[Xymon] xymongen hanging

Jeremy Laidman jeremy at laidman.org
Tue Oct 18 00:42:19 CEST 2022


Yep, the fact that the username is apache tells me that it wasn't initiated
by crontab or tasks.cfg, but instead by a user clicking on Reports >
Availability Report, and Reports > Snapshot Report, in the Xymon menu.

fd3 is a file with event history. The snapshot and availability reports
look through all of the history files to see any events that were present
at/during the report timeframe. So this is normal, unless it's stuck on the
same file for more than the briefest period.

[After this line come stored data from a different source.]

Lemma dir_weight_nonneg u : 0 <= dir_weight u.
Proof.
  destruct (Zpair_dec u (0, 0)%Z) as [->|Hu].
  - unfold dir_weight. simpl. unfold Rdiv. rewrite Rmult_0_l. lra.
  - rewrite dir_weight_primitive by exact Hu. left. apply Rinv_0_lt_compat, IZR_lt.
    pose proof (sup_norm_primitive_pos u Hu). lia.
Qed.

Lemma dir_weight_le_1 u : dir_weight u <= 1.
Proof.
  destruct (Zpair_dec u (0, 0)%Z) as [->|Hu].
  - unfold dir_weight. simpl. unfold Rdiv. rewrite Rmult_0_l. lra.
  - rewrite dir_weight_primitive by exact Hu. rewrite <- Rinv_1.
    apply Rinv_le_contravar; [lra|]. apply IZR_le, sup_norm_primitive_pos, Hu.
Qed.

Lemma parallel_multiple u s : u <> (0, 0)%Z -> (snd u * fst s = fst u * snd s)%Z ->
  exists t, (fst s = t * fst (primitive u) /\ snd s = t * snd (primitive u))%Z.
Proof.
  intros Hu Hc. pose proof (gcd_pos u Hu) as Hg. destruct (gcd_mul_primitive u) as [E1 E2].
  destruct u as [u1 u2], s as [s1 s2]. cbn [fst snd] in *.
  set (g := Z.gcd u1 u2) in *. set (p := primitive (u1, u2)) in *.
  destruct (Z.gcd_bezout u1 u2 g eq_refl) as [x [y Hxy]].
  exists (x * s1 + y * s2)%Z.
  assert (F1 : (g * s1 = u1 * (x * s1 + y * s2))%Z).
  { rewrite <- Hxy at 1. transitivity (x * u1 * s1 + y * (u2 * s1))%Z; [ring|].
    rewrite Hc. ring. }
  assert (F2 : (g * s2 = u2 * (x * s1 + y * s2))%Z).
  { rewrite <- Hxy at 1. transitivity (x * (u1 * s2) + y * u2 * s2)%Z; [ring|].
    rewrite <- Hc. ring. }
  rewrite <- E1 in F1. rewrite <- E2 in F2.
  split; apply (Z.mul_reg_l _ _ g); lia.
Qed.

Definition in_box (X : Z) (p : Z * Z) : Prop := (1 <= fst p <= 2 * X - 1 /\ 1 <= snd p <= X)%Z.
Definition in_cell (X : Z) (p : Z * Z) : Prop := (X <= fst p <= 2 * X - 1 /\ 1 <= snd p <= X)%Z.
Definition cell (X : Z) : list (Z * Z) := list_prod (zrange X (Z.to_nat X)) (zrange 1 (Z.to_nat X)).

Lemma in_cell_in_box X p : (1 <= X)%Z -> in_cell X p -> in_box X p.
Proof. unfold in_cell, in_box. lia. Qed.

Lemma in_box_mono X Y p : (X <= Y)%Z -> in_box X p -> in_box Y p.
Proof. unfold in_box. lia. Qed.

Lemma in_cell_iff X p : (1 <= X)%Z -> In p (cell X) <-> in_cell X p.
Proof.
  intros HX. destruct p as [x y]. unfold cell, in_cell.
  rewrite in_prod_iff, !in_zrange, Z2Nat.id by lia. cbn [fst snd]. lia.
Qed.

Lemma cell_NoDup X : NoDup (cell X).
Proof. apply NoDup_list_prod; apply zrange_NoDup. Qed.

Did you run lsof on any other
processes to see what files were open on fd3? If it's the same file for all
of them, this might suggest a filesystem problem.

As these processes are owned by apache, it's worth taking a look at the
Apache logs around the time the processes were launched. You might be able
to get a more accurate start time from /proc/14749 than the output of "ps".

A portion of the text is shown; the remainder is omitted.